[Stored items from a collection]
Definition matrix_holds (r p y u m z w : partition) : Prop :=
  ~ yle p11 r /\ ~ yle r z /\
  (~ yle p11 y -> (yle y p -> yle y r) /\ (yle y r -> yle y p)) /\
  (yle u m /\ u <> m /\ yle m p /\ m <> p ->
     yle u w /\ yle w p /\ w <> u /\ w <> m /\ w <> p).

Lemma sat_stair_formulaE (e : env) : sat e stair_formula <->
  forall y u m, exists z w, matrix_holds (e 0) (e 1) y u m z w.
Proof. exact: iff_refl. Qed.

(* The formula expresses the characterization; the quantifier over y and the
   one over u, m are independent, and z only witnesses that rho is nonempty. *)
Lemma sat_stair_formula (e : env) : sat e stair_formula <-> characterization (e 0) (e 1).
Proof.
apply: iff_trans (sat_stair_formulaE e) _; set r := e 0; set p := e 1.
split=> [sat_e|[row_r [[z not_rz] [same_first no_short]]] y u m].
  have [z [w [row_r [not_rz _]]]] := sat_e r r r.
  split=> //; split; first by exists z.
  split=> [y row_y|u m le_um neq_um le_mp neq_mp].
    by have [_ [_ [_ [_ [/(_ row_y) [? ?] _]]]]] := sat_e y r r.
  have [_ [w' [_ [_ [_ short]]]]] := sat_e r u m.
  by exists w'; apply: short.
have [w short] : exists w : partition, yle u m /\ u <> m /\ yle m p /\ m <> p ->
    yle u w /\ yle w p /\ w <> u /\ w <> m /\ w <> p.
  case: (classic (yle u m /\ u <> m /\ yle m p /\ m <> p)) => [chain|no_chain].
    have [le_um [neq_um [le_mp neq_mp]]] := chain.
    by have [w fourth] := no_short u m le_um neq_um le_mp neq_mp; exists w.
  by exists u.
exists z, w; do 3 split=> //; move=> row_y.
by have [to_r to_p] := same_first y row_y; split.
Qed.

Theorem proposition3p8 : Pi_definable2 2 single_fact_rel.
Proof.
exists stair_formula; split; first exact: stair_formula_Pi2.
move=> e; apply: iff_trans (single_fact_iff (e 0) (e 1)) _.
exact: iff_sym (sat_stair_formula e).
Qed.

* _Task description_
Every record shown above must be echoed exactly.

* _Answer to this exercise_
Definition matrix_holds (r p y u m z w : partition) : Prop :=
  ~ yle p11 r /\ ~ yle r z /\
  (~ yle p11 y -> (yle y p -> yle y r) /\ (yle y r -> yle y p)) /\
  (yle u m /\ u <> m /\ yle m p /\ m <> p ->
     yle u w /\ yle w p /\ w <> u /\ w <> m /\ w <> p).

Lemma sat_stair_formulaE (e : env) : sat e stair_formula <->
  forall y u m, exists z w, matrix_holds (e 0) (e 1) y u m z w.
Proof. exact: iff_refl. Qed.

(* The formula expresses the characterization; the quantifier over y and the
   one over u, m are independent, and z only witnesses that rho is nonempty. *)
Lemma sat_stair_formula (e : env) : sat e stair_formula <-> characterization (e 0) (e 1).
Proof.
apply: iff_trans (sat_stair_formulaE e) _; set r := e 0; set p := e 1.
split=> [sat_e|[row_r [[z not_rz] [same_first no_short]]] y u m].
  have [z [w [row_r [not_rz _]]]] := sat_e r r r.
  split=> //; split; first by exists z.
  split=> [y row_y|u m le_um neq_um le_mp neq_mp].
    by have [_ [_ [_ [_ [/(_ row_y) [? ?] _]]]]] := sat_e y r r.
  have [_ [w' [_ [_ [_ short]]]]] := sat_e r u m.
  by exists w'; apply: short.
have [w short] : exists w : partition, yle u m /\ u <> m /\ yle m p /\ m <> p ->
    yle u w /\ yle w p /\ w <> u /\ w <> m /\ w <> p.
  case: (classic (yle u m /\ u <> m /\ yle m p /\ m <> p)) => [chain|no_chain].
    have [le_um [neq_um [le_mp neq_mp]]] := chain.
    by have [w fourth] := no_short u m le_um neq_um le_mp neq_mp; exists w.
  by exists u.
exists z, w; do 3 split=> //; move=> row_y.
by have [to_r to_p] := same_first y row_y; split.
Qed.

Theorem proposition3p8 : Pi_definable2 2 single_fact_rel.
Proof.
exists stair_formula; split; first exact: stair_formula_Pi2.
move=> e; apply: iff_trans (single_fact_iff (e 0) (e 1)) _.
exact: iff_sym (sat_stair_formula e).
Qed.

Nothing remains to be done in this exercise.